◆ **Problem requirements**: Please restate, word for word, the lines below that begin at the one with "rewrite mulrDl; lra." and end at the one with "Lemma unif_O_mulh k". Leave out all other lines.

_ _ _ _ _

From Pilot Require Import Defs.
From HB Require Import structures.
From mathcomp Require Import all_boot all_order all_algebra.
From mathcomp Require Import all_classical all_reals all_analysis.
From mathcomp Require Import lra ring.
Set Implicit Arguments. Unset Strict Implicit. Unset Printing Implicit Defensive.
Import Order.TTheory GRing.Theory Num.Theory.
Import numFieldNormedType.Exports.
Local Open Scope ring_scope.

(* Every operator of the scheme is a finite combination of shifts
   f |-> f (. - dx c), and f (y - h v) = f y - h (v . grad) f y + O(h^2)
   uniformly near any point.  Hence w_i and (E^n w)_i, applied to a smooth f,
   are A f + dx (B . grad) f + O(dx^2), where the coefficients propagate by
   A |-> K A and B |-> K B - sum_k (K A)_k G_{.k}.  The prepared
   initialisation gives A_1 = 1 and A_r = eps_r whenever G_{1r} <> 0, which K
   preserves because K eps = eps; with B_1 = 0 initially (vanishing first
   moment of w_1), after n steps the first component has A = 1 and
   B = -n sum_r eps_r G_{1r}.  Comparing with the Taylor expansion of phi in
   time gives the modified equation, and n = 0 is the consistency of the
   initial datum. *)

Section UniformBigO.
Context {R : realType} {V : normedModType R}.
Implicit Types (k : nat) (x : V) (E : R -> V -> R).

Definition unif_O k x E := exists C delta : R, 0 < delta /\
  forall h y, `|h| < delta -> `|y - x| < delta -> `|E h y| <= C * `|h| ^+ k.

Lemma unif_O_ext k x E' E :
  unif_O k x E' -> (forall h y, E h y = E' h y) -> unif_O k x E.
Proof.
move=> [C [dl [dl0 H]]] eE; exists C, dl; split => // h y hd yd.
by rewrite eE; apply: H.
Qed.

Lemma unif_OD k x E1 E2 :
  unif_O k x E1 -> unif_O k x E2 -> unif_O k x (fun h y => E1 h y + E2 h y).
Proof.
move=> [C1 [d1 [d10 H1]]] [C2 [d2 [d20 H2]]].
exists (C1 + C2), (Num.min d1 d2); split; first by rewrite lt_min d10 d20.
move=> h y; rewrite !lt_min => /andP[hd1 hd2] /andP[yd1 yd2].
have := H1 h y hd1 yd1; have := H2 h y hd2 yd2.
have := ler_normD (E1 h y) (E2 h y).
rewrite mulrDl; lra.
Qed.

Lemma unif_OMl k x a E : unif_O k x E -> unif_O k x (fun h y => a * E h y).
Proof.
move=> [C [dl [dl0 H]]]; exists (`|a| * C), dl; split => // h y hd yd.
by rewrite normrM -mulrA ler_wpM2l // H.
Qed.

Lemma unif_O_sum (I : Type) (r : seq I) k x (E : I -> R -> V -> R) :
  (forall i, unif_O k x (E i)) -> unif_O k x (fun h y => \sum_(i <- r) E i h y).
Proof.
move=> HE; elim: r => [|i r IHr].
  exists 0, 1; split => // h y _ _.
  by rewrite big_nil normr0 mul0r.
apply: (unif_O_ext (unif_OD (HE i) IHr)) => h y.
by rewrite big_cons.
Qed.

Lemma unif_O_mulh k x E : unif_O k x E -> unif_O k.+1 x (fun h y => h * E h y).
Proof.
move=> [C [dl [dl0 H]]]; exists C, dl; split => // h y hd yd.
by rewrite normrM exprS mulrCA ler_wpM2l // H.
Qed.

Lemma unif_OW k x E : unif_O k.+1 x E -> unif_O k x E.
Proof.
move=> [C [dl [dl0 H]]]; exists `|C|, (Num.min dl 1); split.
  by rewrite lt_min dl0 ltr01.
move=> h y; rewrite !lt_min => /andP[hd h1] /andP[yd _].
apply: (le_trans (H h y hd yd)); rewrite exprS mulrA.
apply: ler_wpM2r => //; apply: (le_trans (ler_norm _)).
rewrite normrM normr_id; have := normr_ge0 C; have := normr_ge0 h; nra.
Qed.

Lemma unif_O_cont x (g : V -> R) :
  {for x, continuous g} -> unif_O 0 x (fun _ y => g y).
Proof.
move=> /cvgr_dist_lt /(_ 1 ltr01) /nbhs_normP [e e0 He].
exists (`|g x| + 1), e; split => // h y _ yx.
have gy : `|g x - g y| < 1 by apply: (He y); rewrite /= distrC.
rewrite expr0 mulr1 -[g y](subrKC (g x)).
by apply: (le_trans (ler_normD _ _)); rewrite lerD2l distrC ltW.
Qed.

Lemma unif_O_reparam k x (b : R) (v : V) E : unif_O k x E ->
  unif_O k x (fun h y => E (b * h) (y + h *: v)).
Proof.
move=> [C [dl [dl0 H]]].
have nb := normr_ge0 b; have nv := normr_ge0 v.
set K := 2 * ((`|b| + 1) * (`|v| + 1)).
have K0 : 0 < K by rewrite /K; nra.
exists (C * `|b| ^+ k), (dl / K); split; first by rewrite divr_gt0.
move=> h y; rewrite !ltr_pdivlMr // => hd yd.
have nh := normr_ge0 h; have nyx := normr_ge0 (y - x).
have Kb : `|b| <= K by rewrite /K; nra.
have Kv : 2 * `|v| <= K by rewrite /K; nra.
have K2 : 2 <= K by rewrite /K; nra.
rewrite -mulrA -exprMn -normrM; apply: H.
  rewrite normrM mulrC; apply: le_lt_trans hd; exact: ler_wpM2l.
rewrite addrAC; apply: (le_lt_trans (ler_normD _ _)); rewrite normrZ.
have : `|h| * (2 * `|v|) <= `|h| * K by exact: ler_wpM2l.
have : `|y - x| * 2 <= `|y - x| * K by exact: ler_wpM2l.
lra.
Qed.

End UniformBigO.

Lemma derive_dir_eq {R : realType} {V W : normedModType R}
    (F : V -> R) (G : W -> R) a v b w :
  (forall h : R, F (h *: v + a) = G (h *: w + b)) ->
  'D_v F a = 'D_w G b /\ (derivable F a v <-> derivable G b w).
Proof.
move=> FG.
have FGa : F a = G b by have := FG 0; rewrite !scale0r !add0r.
have quot : (fun h : R => h^-1 *: ((F \o shift a) (h *: v) - F a)) =
            (fun h : R => h^-1 *: ((G \o shift b) (h *: w) - G b)).
  by apply/funext => h /=; rewrite /shift FG FGa.
by rewrite /derive /derivable quot.
Qed.

Lemma MVT_unordered {R : realType} (g : R -> R) a b :
  (forall t, derivable g t 1) ->
  exists2 c, `|c - a| <= `|b - a| & g b - g a = 'D_1 g c * (b - a).
Proof.
move=> dg.
have cg : continuous g.
  by move=> t; apply: differentiable_continuous; apply/derivable1_diffP.
have Dg x : is_derive x (1 : R) g ('D_1 g x) by apply: derivableP.
have [ab|ba] := lerP a b.
  have [c] := MVT_segment ab (fun x _ => Dg x) (continuous_subspaceT cg).
  rewrite in_itv /= => /andP[ac cb] gab; exists c => //.
  by rewrite !ger0_norm ?subr_ge0 // lerD2r.
have [c] := MVT_segment (ltW ba) (fun x _ => Dg x) (continuous_subspaceT cg).
rewrite in_itv /= => /andP[bc ca] gba; exists c.
  rewrite !ler0_norm ?subr_le0 ?(ltW ba) //; lra.
by rewrite -opprB gba -mulrN opprB.
Qed.

Section DirectionalTaylor.
Context {R : realType} {V : normedModType R}.

Lemma derive1_line (f : V -> R) (w y : V) (t : R) :
  'D_1 (fun u : R => f (u *: w + y)) t = 'D_w f (t *: w + y) /\
  (derivable (fun u : R => f (u *: w + y)) t 1 <-> derivable f (t *: w + y) w).
Proof. by apply: derive_dir_eq => h; rewrite [h *: 1]mulr1 scalerDl addrA. Qed.
(* Assume (A1) and (A2) below. Then for any $s\in\mathcal S$ and policy $\pi$, $$\Big(\mathbb{E}_{p_s\sim\Phi_{s,t}}\Big[\mathbb{E}_{p\sim\Phi_t}\Big[\sum_{a,s'}p(a,s'\mid s)V^{\pi,p}(s')\;\Big|\;\mathbf P_s\Big]\Big]\Big)^2=\sum_{a,s'}\bar p_t(a,s'\mid s)\big(\bar V^\pi_t(s')\big)^2-\mathbb{V}_{a,s'\sim\pi,\bar p_t}\big[\bar V^\pi_t(s')\big].$$
   Context: Let $\mathcal S$ be a finite state space, $\mathcal A$ a finite action space, $r:\mathcal S\times\mathcal A\to\mathbb R$ a known bounded (deterministic) reward function and $\gamma\in[0,1)$ a discount factor. A transition function $p$ assigns to each $(s,a)$ a probability distribution $p(\cdot\mid s,a)$ on $\mathcal S$. A policy $\pi$ gives distributions $\pi(\cdot\mid s)$ on $\mathcal A$; write $p(a,s'\mid s)=\pi(a\mid s)p(s'\mid s,a)$. For a transition function $p$, the value function is $V^{\pi,p}(s)=\mathbb E\big[\sum_{h\ge 0}\gamma^h r(s_h,a_h)\mid s_0=s\big]$ with $a_h\sim\pi(\cdot\mid s_h)$, $s_{h+1}\sim p(\cdot\mid s_h,a_h)$. The transition function $p$ is a random variable with distribution $\Phi_t$; $\bar p_t(s'\mid s,a)=\mathbb E_{p\sim\Phi_t}[p(s'\mid s,a)]$, $\bar p_t(a,s'\mid s)=\pi(a\mid s)\bar p_t(s'\mid s,a)$, $\bar V^\pi_t(s)=\mathbb E_{p\sim\Phi_t}[V^{\pi,p}(s)]$. For a transition function $q$ and a function $f$ on $\mathcal S$, $\mathbb V_{a,s'\sim\pi,q}[f(s')]$ denotes the variance of $f(s')$ when $a\sim\pi(\cdot\mid s)$ and $s'\sim q(\cdot\mid s,a)$. For fixed $s$, $p_s$ denotes the map $a\mapsto p(\cdot\mid s,a)$, $\mathbf P_s=\{p_s(s'\mid a)\}_{s'\in\mathcal S,a\in\mathcal A}$, and $\Phi_{s,t}$ is the marginal of $\Phi_t$ on the transitions starting from $s$. Assumptions: (A1) (independent transitions) $p(s'\mid x,a)$ and $p(s'\mid y,a)$ are independent random variables if $x\neq y$; (A2) (acyclic MDP) the MDP is a directed acyclic graph, i.e., states are not visited more than once in any given episode. *)

From HB Require Import structures.
From mathcomp Require Import all_boot all_order all_algebra.
From mathcomp Require Import all_classical all_reals all_analysis.
Set Implicit Arguments. Unset Strict Implicit. Unset Printing Implicit Defensive.
Import Order.TTheory GRing.Theory Num.Theory.
Import numFieldNormedType.Exports.
Local Open Scope classical_set_scope.
Local Open Scope ring_scope.

Definition is_policy (R : realType) (S A : finType) (pi : S -> A -> R) : Prop :=
  (forall x a, 0 <= pi x a) /\ (forall x, \sum_(a : A) pi x a = 1).

Definition is_transition (R : realType) (S A : finType) (q : S -> A -> S -> R) : Prop :=
  (forall x a y, 0 <= q x a y) /\ (forall x a, \sum_(y : S) q x a y = 1).

Definition rew_pi (R : realType) (S A : finType) (pi : S -> A -> R) (r : S -> A -> R)
  (x : S) : R := \sum_(a : A) pi x a * r x a.

Definition step_pi (R : realType) (S A : finType) (pi : S -> A -> R)
  (q : S -> A -> S -> R) (f : S -> R) : S -> R :=
  fun x => \sum_(a : A) pi x a * \sum_(y : S) q x a y * f y.

(* V^{pi,q}(s) = E[ sum_h gamma^h r(s_h,a_h) | s_0 = s ]
   = sum_{h>=0} gamma^h E[r(s_h,a_h)], written as the limit of partial sums. *)
Definition value (R : realType) (S A : finType) (pi : S -> A -> R) (r : S -> A -> R)
  (gamma : R) (q : S -> A -> S -> R) (s : S) : R :=
  limn (fun n => \sum_(h < n) gamma ^+ h * iter h (step_pi pi q) (rew_pi pi r) s).
(* Let $m\geq1$ and $0\leq r_1<r_2\leq m$, and let $q=p^t$ be a power of an odd prime $p$, $t\geq1$. Then there exists an asymmetric quantum code with parameters $[[t2^m,\ t[k(r_2)-k(r_1)],\ d_z/d_x]]_p$, where $k(r)=\sum_{i=0}^{r}\binom{m}{i}$, $d_z\geq 2^{m-r_2}$ and $d_x\geq 2^{r_1+1}$.
   Context: An AQECC $[[n,k,d_z/d_x]]_p$ is a $p^k$-dimensional subspace of $\mathbb{C}^{p^n}$ correcting all qudit-flip errors up to $\lfloor (d_x-1)/2\rfloor$ and all phase-shift errors up to $\lfloor (d_z-1)/2\rfloor$. *)

From Stdlib Require Reals.
From HB Require Import structures.
From mathcomp Require Import all_boot all_order all_algebra.
From mathcomp Require Import complex.
From mathcomp Require Import Rstruct.
Set Implicit Arguments. Unset Strict Implicit. Unset Printing Implicit Defensive.
Import GRing.Theory Num.Theory.
Local Open Scope ring_scope.

Definition Cx := complex Rdefinitions.R.

Definition omega (p : nat) : Cx :=
  Complex (Rtrigo_def.cos (2 * Rtrigo1.PI / p%:R))
          (Rtrigo_def.sin (2 * Rtrigo1.PI / p%:R)).

(* Computational basis of (C^p)^{\otimes n}: strings x in F_p^n. *)
Definition Basis (p n : nat) := {ffun 'I_n -> 'F_p}.

Definition Hspace (p n : nat) := {ffun Basis p n -> Cx^o}.

Definition wt (p n : nat) (a : Basis p n) : nat := #|[set i | a i != 0]|.

Definition inner (p n : nat) (u v : Hspace p n) : Cx :=
  \sum_(x : Basis p n) (u x)^* * v x.

(* Qudit-flip (shift) operator X(a): |x> |-> |x + a>. *)
Definition Xop (p n : nat) (a : Basis p n) (v : Hspace p n) : Hspace p n :=
  [ffun x : Basis p n => v (x - a)].

Definition Zop (p n : nat) (b : Basis p n) (v : Hspace p n) : Hspace p n :=
  [ffun x : Basis p n => omega p ^+ (nat_of_ord (\sum_(i < n) b i * x i)) * v x].

Definition Eop (p n : nat) (a b : Basis p n) (v : Hspace p n) : Hspace p n :=
  Xop a (Zop b v).

(* Knill-Laflamme condition: Q corrects every error X(a)Z(b) with
   wt a <= tx (qudit-flip) and wt b <= tz (phase-shift). *)
Definition corrects (p n : nat) (Q : {vspace Hspace p n}) (tx tz : nat) : Prop :=
  forall a1 b1 a2 b2 : Basis p n,
    (wt a1 <= tx)%N -> (wt a2 <= tx)%N -> (wt b1 <= tz)%N -> (wt b2 <= tz)%N ->
    exists c : Cx, forall u v : Hspace p n, u \in Q -> v \in Q ->
      inner (Eop a1 b1 u) (Eop a2 b2 v) = c * inner u v.
Lemma max_in0 p : max_in p set0 = false.
Proof. by apply/max_inP; rewrite inE; case. Qed.

Lemma min_outT p : min_out p setT = false.
Proof. by apply/min_outP; rewrite inE; case. Qed.

Definition down_set p : {set P} := [set x | x <= p].
Definition not_above p : {set P} := [set x | ~~ (p <= x)].
Definition not_strictly_above p : {set P} := [set x | ~~ (p < x)].

Lemma down_set_ideal p : down_set p \in order_ideals P.
Proof. by apply/order_idealP => x y; rewrite !inE => xp yx; apply: le_trans yx xp. Qed.

Lemma not_above_ideal p : not_above p \in order_ideals P.
Proof.
apply/order_idealP => x y; rewrite !inE => px yx; apply: contra px => py.
exact: le_trans py yx.
Qed.

Lemma not_strictly_above_ideal p : not_strictly_above p \in order_ideals P.
Proof.
apply/order_idealP => x y; rewrite !inE => px yx; apply: contra px => py.
exact: lt_le_trans py yx.
Qed.

Lemma max_in_down_set r p : max_in r (down_set p) = (r == p).
Proof.
apply/max_inP/eqP => [[rp above]|->].
  move: rp; rewrite inE le_eqVlt => /orP [/eqP //|rp].
  by move: (above p rp); rewrite inE lexx.
split=> [|x px]; first by rewrite inE.
by rewrite inE; apply: contraL px => /le_gtF ->.
Qed.

Lemma min_out_not_above r p : min_out r (not_above p) = (r == p).
Proof.
apply/min_outP/eqP => [[pr below]|->].
  move: pr; rewrite inE negbK le_eqVlt => /orP [/eqP //|pr].
  by move: (below p pr); rewrite inE lexx.
split=> [|x xp]; first by rewrite inE negbK.
by rewrite inE; apply: contraL xp => /le_gtF ->.
Qed.

Lemma max_in_not_strictly_above p : max_in p (not_strictly_above p).
Proof. by apply/max_inP; split=> [|x px]; rewrite inE ?ltxx ?px. Qed.

Lemma min_out_not_strictly_above r p : min_out r (not_strictly_above p) -> p < r.
Proof. by case/min_outP; rewrite inE negbK. Qed.

Definition rowmotion I : {set P} := [set x | [exists y, min_out y I && (x <= y)]].
(* Since [phi' ^ 2 = P (cos phi) > 0], Darboux's theorem forces [phi' = - sqrt (P (cos phi))] everywhere,
   so [phi] decreases strictly and [u], [beta], [G] are, up to constants, primitives of functions of
   [cos phi] evaluated at [phi u].  These integrands are [pi]-periodic, so over the time [T] in which
   [phi] drops by [2 pi], [beta] and [G] increase by constants [K] and [M].  Translating by
   [(T, - K / alpha)] fixes [A], hence [x1] and [x3], and moves [x2] by [- (C K + alpha M) / alpha].
   The substitution [x = cos phi] identifies [C K + alpha M] with [2 L(alpha, theta) = 0]. *)

Lemma is_derive_zero_const (h : R -> R) :
  (forall x, is_derive h x 0) -> forall x, h x = h 0.
Proof.
  intros Hh x.
  destruct (Rtotal_order x 0) as [Hx | [-> | Hx]]; [| reflexivity |].
  - apply (eq_is_derive (V := R_NormedModule) h); [intros; apply Hh | exact Hx].
  - symmetry; apply (eq_is_derive (V := R_NormedModule) h); [intros; apply Hh | exact Hx].
Qed.

Lemma cos_sub_2PI y : cos (y - 2 * PI) = cos y.
Proof. rewrite cos_minus, cos_2PI, sin_2PI; ring. Qed.

Lemma sin_sub_2PI y : sin (y - 2 * PI) = sin y.
Proof. rewrite sin_minus, cos_2PI, sin_2PI; ring. Qed.

Lemma cos_interior y : 0 < y < PI -> -1 < cos y < 1.
Proof.
  intros Hy; rewrite <- cos_0, <- cos_PI.
  split; apply cos_decreasing_1; lra.
Qed.

Definition primitive (g : R -> R) (y : R) : R := RInt g 0 y.

Section Primitive.

Variable g : R -> R.
Hypothesis g_cont : forall x, continuous g x.

Lemma ex_RInt_everywhere a b : ex_RInt g a b.
Proof. apply (ex_RInt_continuous (V := R_CompleteNormedModule)); intros; apply g_cont. Qed.

Lemma primitive_0 : primitive g 0 = 0.
Proof. apply (RInt_point (V := R_CompleteNormedModule)). Qed.
Lemma bases_to_polytope_feasible k :
  matroid_borsuk_feasible Bs k -> set_borsuk_feasible P k.
Proof.
move=> [c c_lt]; pose heavy x := xget finset.set0 (heavy_basis x).
have heavyP x : P x -> heavy_basis x (heavy x).
  by move=> Px; apply: xgetPex; apply: exists_heavy_basis.
exists (fun x => c (heavy x)) => i.
have d_gt0 : (0 < d)%N := leq_ltn_trans (leq0n _) (c_lt (c finset.set0)).
have N_gt0 : 0 < #|Bs|%:R :> R.
  by rewrite ltr0n; apply/card_gt0P; have [B BsB] := Bs_neq0; exists B.
apply: (@le_lt_trans _ _ (Num.sqrt (d%:R - #|Bs|%:R^-1 ^+ 2))).
  apply: ediam_le; first exact: sqrtr_ge0.
  move=> x y [Px cx] [Py cy].
  apply: heavy_basis_edist_le (heavyP x Px) (heavyP y Py) _.
  apply: leq_ltn_trans (c_lt i); apply: leq_symdiff_bdiam; rewrite inE.
  - by apply/andP; split; [exact: (heavyP x Px).1 | apply/eqP].
  - by apply/andP; split; [exact: (heavyP y Py).1 | apply/eqP].
rewrite ediam_polytope ltr_sqrt ?ltr0n // ltrBlDr ltrDl.
by rewrite exprn_gt0 // invr_gt0.
Qed.

End MatroidPolytope.

Theorem proposition2p2 (R : realType) (E : finType) (Bs : {set {set E}}) :
  is_matroid_bases Bs ->
  matroid_borsuk Bs = set_borsuk (@matroid_polytope R E Bs).
Proof.
move=> [Bs_neq0 _]; rewrite /matroid_borsuk /set_borsuk; congr ext_min.
apply: funext => k; apply: propext; split.
- exact: bases_to_polytope_feasible.
- exact: polytope_to_bases_feasible.
Qed.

_ _ _ _ _

◆ **Result**:
rewrite mulrDl; lra.
Qed.

Lemma unif_OMl k x a E : unif_O k x E -> unif_O k x (fun h y => a * E h y).
Proof.
move=> [C [dl [dl0 H]]]; exists (`|a| * C), dl; split => // h y hd yd.
by rewrite normrM -mulrA ler_wpM2l // H.
Qed.

Lemma unif_O_sum (I : Type) (r : seq I) k x (E : I -> R -> V -> R) :
  (forall i, unif_O k x (E i)) -> unif_O k x (fun h y => \sum_(i <- r) E i h y).
Proof.
move=> HE; elim: r => [|i r IHr].
  exists 0, 1; split => // h y _ _.
  by rewrite big_nil normr0 mul0r.
apply: (unif_O_ext (unif_OD (HE i) IHr)) => h y.
by rewrite big_cons.
Qed.

Lemma unif_O_mulh k x E : unif_O k x E -> unif_O k.+1 x (fun h y => h * E h y).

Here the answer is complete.